## Required action
Read through the listing below, and copy every line where the string "ltac" appears.
──────────────────────────────
Lemma image_slice_W1 i :
  gi i @: [set s | s \in slice i W1] = [set s | s \in slice i W1'].
Proof.
apply/setP => t; rewrite inE -[t](permKV (gi i)) mem_slice_W1' mem_imset ?inE //.
exact: perm_inj.
Qed.

Lemma diff_in_slice i s w :
  inblk i s \in U -> g (inblk i s) \in U' -> w \in W1 ->
  gi i (s + w i) + gi i s + gi i (w i) \in slice i W1'.
Proof.
move=> sU gsU wW; rewrite mem_slice.
have -> : inblk i (gi i (s + w i) + gi i s + gi i (w i)) =
          g (w + inblk i s) + g (inblk i s) + g w.
  apply/ffunP => j; rewrite !ffunE !hpar !ffunE.
  case: eqP => [->|_]; first by rewrite [w i + s]addrC.
  by rewrite (parallel_gi0 hpar h0) !addr0 addrr_F2.
apply: rpredD; last by rewrite mem_W1'.
have := LApart_transfer (inblk i s) (w + inblk i s).
by rewrite /LAdir sU gsU addrK_F2 wW.
Qed.

Lemma card_lt_slice i (S : {set Blk m}) w r :
  {in S, forall s, inblk i s \in U /\ g (inblk i s) \in U'} ->
  w \in W1 -> w i != 0 -> diff_unif (gi i) = (2 ^ r)%N -> (2 ^ r < #|S|)%N ->
  (#|S| < 2 ^ (\dim (slice i W1') + r))%N.
Proof.
move=> hS wW wi0 du big.
have diffS w' : w' \in W1 ->
    {in S, forall s, gi i (s + w' i) + gi i s + gi i (w' i) \in slice i W1'}.
  by move=> w'W s /hS[sU gsU]; apply: diff_in_slice.
have [W1'0 | W1'n0] := eqVneq (slice i W1') 0%VS.
  (* every derivative of [gi i] in direction [w i] is then the constant [gi i (w i)] *)
  move: big; rewrite ltnNge => /negP[].
  apply: leq_trans (card_le_diff_unif (f := gi i) (C := [set gi i (w i)]) wi0 _) _.
    by move=> s sS; have := diffS w wW s sS; rewrite W1'0 memv0 addr_eq0_F2 inE.
  by rewrite cards1 mul1n du.
set y := vpick (slice i W1'); set a := (gi i)^-1%g y.
have ya : gi i a = y by rewrite permKV.
have a0 : a != 0.
  apply: contra_neq W1'n0 => a0; apply/eqP.
  by rewrite -vpick0 -/y -ya a0 (parallel_gi0 hpar h0).
have aW : inblk i a \in W1 by rewrite -mem_slice -mem_slice_W1' ya memv_pick.
pose C := [set c | c \in slice i W1'] :\ 0.
have hC : {in S, forall s, gi i (s + a) + gi i s \in C}.
  move=> s sS; rewrite !inE addr_eq0_F2 (inj_eq perm_inj) -subr_eq0 addrC addKr.
  have := diffS _ aW s sS; rewrite inblkE eqxx ya => dS.
  by rewrite a0 -(addrK_F2 y (_ + _)) rpredD // memv_pick.
apply: leq_ltn_trans (card_le_diff_unif a0 hC) _.
have := cardsD1 0 [set c | c \in slice i W1']; rewrite card_vspace_Blk inE mem0v => cardC.
by rewrite du expnD ltn_pmul2r ?expn_gt0 // cardC.
Qed.

(* The bound on #|S| is stated so that it covers both S = V_i \cap U with
   s = r and S = V_i with s = r - 1. *)
Lemma slices_W1_full_of_card i (S : {set Blk m}) w r s :
  {in S, forall t, inblk i t \in U /\ g (inblk i t) \in U'} ->
  w \in W1 -> w i != 0 -> diff_unif (gi i) = (2 ^ r)%N ->
  strongly_anti_inv s (gi i) -> (s.+1 < m)%N -> (2 ^ (m - s + r) <= 2 * #|S|)%N ->
  slice i W1 = fullv /\ slice i W1' = fullv.
Proof.
move=> hS wW wi0 du [_ anti] sm hcard.
have big : (2 ^ r < #|S|)%N.
  rewrite -(ltn_pmul2l (isT : 0 < 2)%N) -expnS; apply: leq_trans hcard.
  by rewrite ltn_exp2l //; lia.
have small := card_lt_slice hS wW wi0 du big.
case: (anti _ _ (image_slice_W1 i)) => [[dimE dim_lt] | //].
have : (2 ^ (m - s + r) < 2 ^ (\dim (slice i W1') + r).+1)%N.
  by rewrite expnS; apply: leq_ltn_trans hcard _; rewrite ltn_pmul2l.
by rewrite ltn_exp2l // -dimE; lia.
Qed.

Lemma disjoint_JU : [disjoint JU U & JU U'].
Proof. by rewrite -setI_eq0 hJ. Qed.

Lemma exists_in_U_notin_U' : exists2 u, u \in U & g u \notin U'.
Proof.
have [j jJ'] := JU_neq0 hvb'; have [t tU'] := JU_witness jJ'.
exists (inblk j ((gi j)^-1%g t)); last by rewrite (parallel_inblk hpar h0) permKV.
by apply: notin_JU_inblk; rewrite (disjointFl disjoint_JU jJ').
Qed.

Lemma exists_notin_U_in_U' : exists2 x, x \notin U & g x \in U'.
Proof.
have [j jJ] := JU_neq0 hvb; have [t tU] := JU_witness jJ.
exists (inblk j t); rewrite // (parallel_inblk hpar h0).
by apply: notin_JU_inblk; rewrite (disjointFr disjoint_JU jJ).
Qed.

Lemma support_notin_JU i w : w \in W1 -> w i != 0 -> i \notin JU U :|: JU U'.
Proof.
move=> wW wi0; rewrite inE negb_or; apply/andP; split; apply/negP => iJ.
  have /hin[r [rm du anti]] : i \in JU U :|: JU U' by rewrite inE iJ.
  have iJ' := disjointFr disjoint_JU iJ.
  pose S := [set t | t \in slice i U].
  have hS : {in S, forall t, inblk i t \in U /\ g (inblk i t) \in U'}.
    move=> t; rewrite inE mem_slice => tU; split=> //.
    by rewrite (parallel_inblk hpar h0) notin_JU_inblk ?iJ'.
  have cardS : (2 ^ (m - r + r) <= 2 * #|S|)%N.
    by rewrite subnK ?card_slice_hyperplane //; lia.
  have [W1full _] := slices_W1_full_of_card hS wW wi0 du anti (ltac:(lia)) cardS.
  by move: iJ; apply/negP; apply: slice_full_notin_JU hW1 W1full.
have /hin[r [rm du anti]] : i \in JU U :|: JU U' by rewrite inE iJ orbT.
have iJU := disjointFl disjoint_JU iJ.
pose S := gi i @^-1: [set t | t \in slice i U'].
have hS : {in S, forall t, inblk i t \in U /\ g (inblk i t) \in U'}.
  move=> t; rewrite !inE mem_slice => tU'; split; last by rewrite (parallel_inblk hpar h0).
  by rewrite notin_JU_inblk ?iJU.
have cardS : (2 ^ (m - r + r) <= 2 * #|S|)%N.
  rewrite card_preimset; last exact: perm_inj.
  by rewrite subnK ?card_slice_hyperplane //; lia.
have [_ W1'full] := slices_W1_full_of_card hS wW wi0 du anti (ltac:(lia)) cardS.
by move: iJ; apply/negP; apply: slice_full_notin_JU hW1' W1'full.
Qed.

Lemma slice_W1_full i w : w \in W1 -> w i != 0 -> slice i W1 = fullv.
Proof.
move=> wW wi0; have iJ := support_notin_JU wW wi0.
have [r [rm du anti]] := hout iJ.
move: iJ; rewrite inE negb_or => /andP[iJ iJ'].
apply: (slices_W1_full_of_card (S := [set: Blk m]) _ wW wi0 du anti _ _).1.
- by move=> t _; rewrite (parallel_inblk hpar h0) !notin_JU_inblk.
- by lia.
- by rewrite cardsT card_Blk -expnS leq_exp2l //; lia.
Qed.

Lemma W1_is_wall : W1 != 0%VS -> is_wall W1.
Proof.
move=> W1n0; exists (blk_support W1); split; first exact: blk_support_neq0.
  have [j jJ] := JU_neq0 hvb; apply/eqP => suppT.
  have : j \in blk_support W1 by rewrite suppT inE.
  rewrite inE => /existsP[w /andP[wW wj]].
  by have := support_notin_JU wW wj; rewrite inE jJ.
by apply: sset_blocks_sum => i w; apply: slice_W1_full.
Qed.

End LApartMaps.

Theorem corollary3p13 (m b : nat) (hm : (1 < m)%N) (hb : (1 < b)%N)
  (g : {perm Sp m b}) (gi : 'I_b -> {perm Blk m})
  (hpar : parallel g gi) (h0 : g 0 = 0)
  (U U' W1 W2 W1' W2' : {vspace Sp m b})
  (hU : \dim U = (m * b).-1) (hU' : \dim U' = (m * b).-1)
  (hJ : JU U :&: JU U' = set0)
  (hout : forall i : 'I_b, i \notin JU U :|: JU U' ->
     exists r : nat, [/\ (r < m)%N, diff_unif (gi i) = (2 ^ r)%N &
                         strongly_anti_inv (r - 1) (gi i)])
  (hin : forall j : 'I_b, j \in JU U :|: JU U' ->
     exists r : nat, [/\ (r < m - 1)%N, diff_unif (gi j) = (2 ^ r)%N &
                         strongly_anti_inv r (gi j)])
  (hW1 : (W1 <= U)%VS) (hW2 : (W2 <= U)%VS)
  (hW1' : (W1' <= U')%VS) (hW2' : (W2' <= U')%VS)
  (vb vb' : Sp m b) (hvb : vb \notin U) (hvb' : vb' \notin U')
  (hmap : maps_onto g (LApart U W1 W2 vb) (LApart U' W1' W2' vb'))
  (hnt : nontrivial_part (LApart U' W1' W2' vb')) :
  [/\ is_wall W1, is_wall W1', is_wall W2 & is_wall W2'] /\
  [/\ W1 = W1', W1' = W2 & W2 = W2'] /\
  (LApart U W1 W2 vb = Lpart W1 /\ LApart U' W1' W2' vb' = Lpart W1').
Proof.
have [u uU guU'] := exists_in_U_notin_U' hpar h0 hJ hvb'.
have [x0 x0U gx0U'] := exists_notin_U_in_U' hpar h0 hJ hvb.
have LApart_eq := LApart_eq_of_coset_invariant h0 hU hU' hW1 hW2 hW1' hW2' hvb hvb' hmap
  uU guU' x0U gx0U'.
have W1n0 : W1 != 0%VS.
  apply: contraNneq hnt.1 => W10; apply/eqP.
  have := LApart_eq; rewrite W10 => /(_ (coset_invariant0 g))[-> -> _].
  by rewrite LApart_Lpart // Lpart0.
have wallW1 := W1_is_wall hm hpar h0 hU hU' hJ hout hin hW1 hW2 hW1' hW2' hvb hvb'
  hmap W1n0.
have [I [_ _ W1E]] := wallW1.
have [-> -> ->] := LApart_eq (blocks_sum_coset_invariant hpar W1E).
by rewrite !LApart_Lpart.
Qed.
──────────────────────────────
## Answer space
  have [W1full _] := slices_W1_full_of_card hS wW wi0 du anti (ltac:(lia)) cardS.
have [_ W1'full] := slices_W1_full_of_card hS wW wi0 du anti (ltac:(lia)) cardS.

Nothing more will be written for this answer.